Tessere features vocalist Amanda Powell alongside Dan Bruce on guitars, Mark Micchelli on accordion and piano, Tommy Lehman on trumpet, and Ian Kinnaman on bass. The album opens with “Che Bera Sta Figghiola”, a tarantella originally sung by mothers bouncing babies on their knees. In Alla Boara’s hands, it becomes a spiky, time-signature-hopping jazz workout, driven by Taddeo’s drumming and Powell’s punchy delivery.

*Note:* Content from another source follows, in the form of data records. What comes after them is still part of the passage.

Lemma big_covered_rcons (K k : nat) (h : k.+1.-tuple 'I_m -> R) : (K <= k)%nat ->
  \big[Rplus/0]_(u : k.+1.-tuple 'I_m | covered K u) h u =
  \big[Rplus/0]_(t : k.-tuple 'I_m | covered K t) \big[Rplus/0]_(i < m) h [tuple of rcons t i].
Proof.
move=> Kk; rewrite big_mkcond big_tuple_rcons [RHS]big_mkcond /=.
apply: eq_bigr => t _.
rewrite (eq_bigr (fun i => if covered K t then h [tuple of rcons t i] else 0)).
  by case: (covered K t) => //; rewrite big1.
by move=> i _; rewrite /= covered_rcons ?size_tuple.
Qed.

Lemma uncovered_rcons (K k : nat) : (K <= k)%nat -> uncovered K k.+1 = INR m * uncovered K k.
Proof.
move=> Kk; rewrite /uncovered big_tuple_rcons big_distrr /=; apply: eq_bigr => t _.
rewrite (eq_bigr (fun _ => b2R (~~ covered K t))) ?bigR_const_ord // => i _.
by rewrite /= covered_rcons ?size_tuple.
Qed.

Lemma count_avoiding (j : 'I_m) (k : nat) :
  \big[Rplus/0]_(t : k.-tuple 'I_m) b2R (j \notin t) = (INR m - 1) ^ k.
Proof.
have others : \big[Rplus/0]_(i < m) b2R (j != i) = INR m - 1.
  rewrite (eq_bigr (fun i => 1 - b2R (i == j))); last first.
    by move=> i _; rewrite /b2R eq_sym; case: (i == j) => /=; ring.
  by rewrite bigR_sub bigR_const_ord /b2R -big_mkcond big_pred1_eq; ring.
elim: k => [|k IH].
  rewrite (eq_bigr (fun _ => 1)); first by rewrite big_const card_tuple /=; ring.
  by move=> t _; case: t => [[|]].
rewrite big_tuple_rcons /= (eq_bigr (fun t => (INR m - 1) * b2R (j \notin t)));
  first by rewrite -big_distrr /= IH.
move=> t _; rewrite -others big_distrl /=; apply: eq_bigr => i _.
by rewrite /= mem_rcons inE negb_or /b2R; case: (j == i); case: (j \in t) => /=; ring.
Qed.

Lemma uncovered_le (K : nat) : uncovered K K <= INR m * (INR m - 1) ^ K.
Proof.
rewrite -bigR_const_ord (eq_bigr (fun j => \big[Rplus/0]_(t : K.-tuple 'I_m) b2R (j \notin t)));
  last by move=> j _; rewrite count_avoiding.
rewrite exchange_big /=; apply: bigR_le => t _.
have b2R_ge0 (c : bool) : 0 <= b2R c by rewrite /b2R; case: c; lra.
case cov : (covered K t); first by apply: bigR_ge0 => j _; apply: b2R_ge0.
move: cov; rewrite /covered take_oversize ?size_tuple // => /negbT.
rewrite negb_forall => /existsP [j jt]; rewrite (bigD1 j) //= {1}/b2R jt /=.
rewrite -{1}(Rplus_0_r 1); apply: Rplus_le_compat_l.
by apply: bigR_ge0 => i _; apply: b2R_ge0.
Qed.

Lemma uncovered_frac_le (K k : nat) : (0 < m)%nat -> (K <= k)%nat ->
  uncovered K k / INR m ^ k <= INR m * ((INR m - 1) / INR m) ^ K.
Proof.
move=> m0 Kk; have m_pos : 0 < INR m by apply: lt_0_INR; apply/ltP.
have shift n : uncovered K (n + K) / INR m ^ (n + K) = uncovered K K / INR m ^ K.
  elim: n => [|n IH] //; rewrite -IH addSn uncovered_rcons ?leq_addl //=.
  by field; split; [apply: pow_nonzero|]; lra.
rewrite -(subnK Kk) shift /Rdiv Rpow_mult_distr pow_inv -Rmult_assoc.
apply: Rmult_le_compat_r; last exact: uncovered_le.
by apply/Rlt_le/Rinv_0_lt_compat/pow_lt.
Qed.

Lemma prob_ge0 (k : nat) (E : k.-tuple 'I_m -> Prop) : (0 < m)%nat -> 0 <= prob E.
Proof.
move=> m0; apply: Rmult_le_pos.
  by apply: bigR_ge0 => t _; case: excluded_middle_informative => ? /=; lra.
by apply: Rlt_le; apply: Rinv_0_lt_compat; apply: pow_lt; apply: lt_0_INR; apply/ltP.
Qed.

End Coverage.

Lemma dot_aug_lagrangian_step (q : nat) (mu r e d : Vec q) (be : R) :
  - dot mu (fun k => r k + e k) + be / 2 * dot (fun k => r k + e k) (fun k => r k + e k)
  + dot (vsub mu (fun k => be * r k)) (fun k => e k + d k) - be / 2 * dot e e
  = - dot mu r + dot mu d + be / 2 * dot r r - be * dot r d.
Proof. by rewrite /dot /sumR /vsub; sum_ring. Qed.

Lemma dual_quad_ge0 (c a r rh be : R) : 0 < c -> 1 <= 2 * c * be ->
  0 <= - (a * r) + (be / 2 - rh) * (r * r) + c * ((a + rh * r) * (a + rh * r)).
Proof.
move=> c0 cbe.
have -> : - (a * r) + (be / 2 - rh) * (r * r) + c * ((a + rh * r) * (a + rh * r)) =
   ((2 * c * (a + rh * r) - r) * (2 * c * (a + rh * r) - r) + (2 * c * be - 1) * (r * r))
   / (4 * c) by field; lra.
apply: Rmult_le_pos; last by apply/Rlt_le/Rinv_0_lt_compat; lra.
by apply: Rplus_le_le_0_compat; [apply: Rle_0_sqr | apply: Rmult_le_pos; [lra | apply: Rle_0_sqr]].
Qed.

Section Lyapunov.
Variables (N m q : nat) (blk : 'I_N -> 'I_m)
  (f : Vec N -> R) (gradf : Vec N -> Vec N) (g : 'I_m -> Vec N -> ER)
  (A : 'I_q -> 'I_N -> R) (b : Vec q)
  (L : 'I_m -> R) (beta rho : R) (P : 'I_m -> 'I_N -> 'I_N -> R)
  (xs : Vec N) (lams : Vec q) (Fstar : R).
(* Let $\Gamma$ and $\Delta$ be finite subsets of ${\sf Frm}$. Then $\vdash_{\sf WF_{N_2}}\bigwedge\Gamma\rightarrow\bigvee\Delta$ if and only if $\vdash_{\sf M_{Nec}}(\bigwedge\Gamma\rightarrow\bigvee\Delta)^\square$, i.e. $\vdash_{\sf M_{Nec}}\square(\bigwedge\Gamma^\square\supset\bigvee\Delta^\square)$.
   Context: Language: countably many atoms $p,q,\dots$, the constant $\bot$, and binary connectives $\wedge,\vee,\rightarrow$ ($\rightarrow$ is strict implication). ${\sf Frm}$ is the set of formulas built from atoms and $\bot$ with $\wedge,\vee,\rightarrow$; $A,B,C,D$ range over ${\sf Frm}$; $\supset$ denotes material implication. The Hilbert system ${\sf WF_{N_2}}$ over ${\sf Frm}$ has axiom schemes $A\rightarrow(A\vee B)$; $B\rightarrow(A\vee B)$; $(A\wedge B)\rightarrow A$; $(A\wedge B)\rightarrow B$; $A\wedge(B\vee C)\rightarrow(A\wedge B)\vee(A\wedge C)$; $A\rightarrow A$; $\bot\rightarrow A$; and rules (from theorems to a theorem): from $A$ and $A\rightarrow B$ infer $B$; from $A$ infer $B\rightarrow A$; from $A\rightarrow B$ and $B\rightarrow C$ infer $A\rightarrow C$; from $A\rightarrow B$ and $A\rightarrow C$ infer $A\rightarrow(B\wedge C)$; from $A\rightarrow C$ and $B\rightarrow C$ infer $(A\vee B)\rightarrow C$; from $A$ and $B$ infer $A\wedge B$; (${\sf N_2}$) from $C\rightarrow A\vee D$ and $C\wedge B\rightarrow D$ infer $(A\rightarrow B)\rightarrow(C\rightarrow D)$. $\vdash_{\sf WF_{N_2}}A$ means $A$ is a theorem of this system. $\bigwedge\Gamma$ and $\bigvee\Delta$ denote the conjunction and disjunction of the members (empty conjunction read as $\top:=\bot\rightarrow\bot$, empty disjunction as $\bot$). The modal language $\mathcal{L}_\square$ has atoms, $\bot$, binary $\wedge,\vee,\supset$ and unary $\square$. ${\sf M_{Nec}}$ is the smallest set of $\mathcal{L}_\square$-formulas containing all classical propositional tautologies and $\square(\bot\supset\bot)$, and closed under modus ponens, uniform substitution, and the rule RM: from $A\supset B$ infer $\square A\supset\square B$ (equivalently, the monotonic classical modal logic ${\sf M}$ extended by the necessitation rule). The $\square$-translation is: $p^\square=p$, $\bot^\square=\bot$, $(A\circ B)^\square=A^\square\circ B^\square$ for $\circ\in\{\wedge,\vee,\supset\}$, $(A\rightarrow B)^\square=\square(A^\square\supset B^\square)$; $\Gamma^\square=\{A^\square:A\in\Gamma\}$. *)

From Stdlib Require Import List.
Import ListNotations.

Maggio Delle Ragazze” is a Northern Italian spring celebration given street-parade energy by guest violinist Yaryna Tsarynska, and “Jesce Sole” is a centuries-old Neapolitan piece reshaped with electric distortion and a rock backbeat. Taddeo acknowledges the linguistic hurdle built into the material. “Even if you’re Italian and you come to one of our shows, you probably still don’t know what these songs are saying, because they’re in all these different regional dialects from around Italy.”

The record’s centrepiece is “Questa Mattina”, a slow-burning track stretching to nearly nine minutes. It was built from a field recording of men singing call-and-response while breaking rocks in Puglia. “The arrhythmic hammering of the rocks was sampled for the sound effects in the intro,” Taddeo explains.